Она пожала плечами и легко покачала головой: мол, твои проблемы.

— Я никого так не любил, как тебя, — дядя Володя достал коробку «Герцеговины Флор» и, ломая спички, закурил.

— Давно хотела тебе сказать: не переношу запах твоих папирос, — вымолвила Марина. — Грубый запах. Потом волосы им долго пахнут…

— А ему не нравится, да? — зло прищурился дядя Володя. — Он тебя, наверное, спрашивает, не встречалась ли ты со мной? Ревнует, да?

— А тебе-то какое дело? — Марина рассмеялась. — Как-нибудь сами разберемся, кто кого ревнует.

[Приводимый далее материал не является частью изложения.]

Theorem proposition6 (R : realType) (d : measure_display) (T : measurableType d)
    (P : probability T R) (X : {RV P >-> R}) (a : R) :
  a != 0 ->
  forall y : R,
    subgaussian_law (cond_prob (distribution P X) a y) /\
    (forall x : R, 0 < x ->
       (cond_prob (distribution P X) a y [set t : R | (x <= `|t|)%R] <=
        (Num.sqrt (2 / pi) * expR (y ^+ 2 / 2) / h0 (distribution P X) y a
          * expR (- (a ^+ 2 * x ^+ 2) / 4))%:E)%E) /\
    (forall n : nat, (0 < n)%N ->
       (cond_abs_moment (distribution P X) a y n <=
        (n%:R * expR (y ^+ 2 / 2) / h0 (distribution P X) y a
          * (Num.sqrt 2 / `|a|) ^+ n * Num.sqrt ((n.-1)`!)%:R)%:E)%E) /\
    (forall n : nat, (0 < n)%N ->
       (cond_central_abs_moment (distribution P X) a y n <=
        (2 ^+ n)%:E * cond_abs_moment (distribution P X) a y n)%E).
Proof.
move=> a_neq0 y; split; first exact: subgaussian_cond_prob.
split; first exact: cond_prob_ge_le.
split; first exact: cond_abs_moment_le.
exact: cond_central_abs_moment_le.
Qed.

— Он что, лучше меня? — дядя Володя глубоко затянулся папиросой, выдохнул клуб дыма и с отвращением бросил бычок себе под ноги. — Неужели тебе со мной было плохо?

— Нет, мне было хорошо, — Марина посерьезнела и опустила глаза. — Но… знаешь, я не виновата, что все прошло. А обманывать ни тебя, ни себя не хочу. Если нет внутреннего потрясения, сердечной боли, пронзающей нежности, потемнения в глазах, то зачем продолжать играть в любовь? Она ведь не хорошо отрепетированный спектакль. Разве не так, милый?

— Тебе только кажется, что все прошло, — настаивал он. — Давай начнем сначала!

— Разве можно начать жизнь сначала? — Марина удивленно изогнула бровь. — Так же невозможно начать любовь сначала. Она, как жизнь, не повторяется.

— Но ее можно продолжить, — совсем тихо вымолвил дядя Володя. В его голосе слышалось столько нежности и мольбы, что у меня невольно сжалось сердце. Большой, красивый, сильный мужчина явно не знал, что делать, и полностью зависел теперь от женщины, которая равнодушно глядела на него.

— Продолжай, но без меня, — Марина проговорила, как припечатала. И, не оборачиваясь, пошла прочь.

Цок-цок-цок! — задорно стучали ее каблучки. Ветер развевал тонкую ажурную накидку поверх белой кофточки, такую красивую, похожую на крылышки, которые вдруг прорезались на ее спине.

Володя, уронив руки, как-то враз сник: плечи опустились, спина сгорбилась. Он стоял неподвижно, словно окаменел. А привел его в чувство Бармалей. Петух имел привычку, торопливо поклевав зернышки сам, приниматься сзывать к угощению своих куриц. Бармалей громко кричал, издавал квохчущие звуки, разгребая под собой землю. Пеструшка, самая любимая курица Бармалея, сидела в сараюшке на гнезде — неслась и, видимо, не подозревала о нечаянном угощении. Петух, не в силах перенести ее отсутствие, забегал кругами вокруг рассыпанного зерна и заголосил еще громче. Курицы торопливо склевывали пшено, и его кучка стремительно убывала. А Пеструшка все не слетала с гнезда. И тогда Бармалей закукарекал что есть мочи. Володя очнулся, расправил плечи и, обернувшись, увидел, как я кормлю кур.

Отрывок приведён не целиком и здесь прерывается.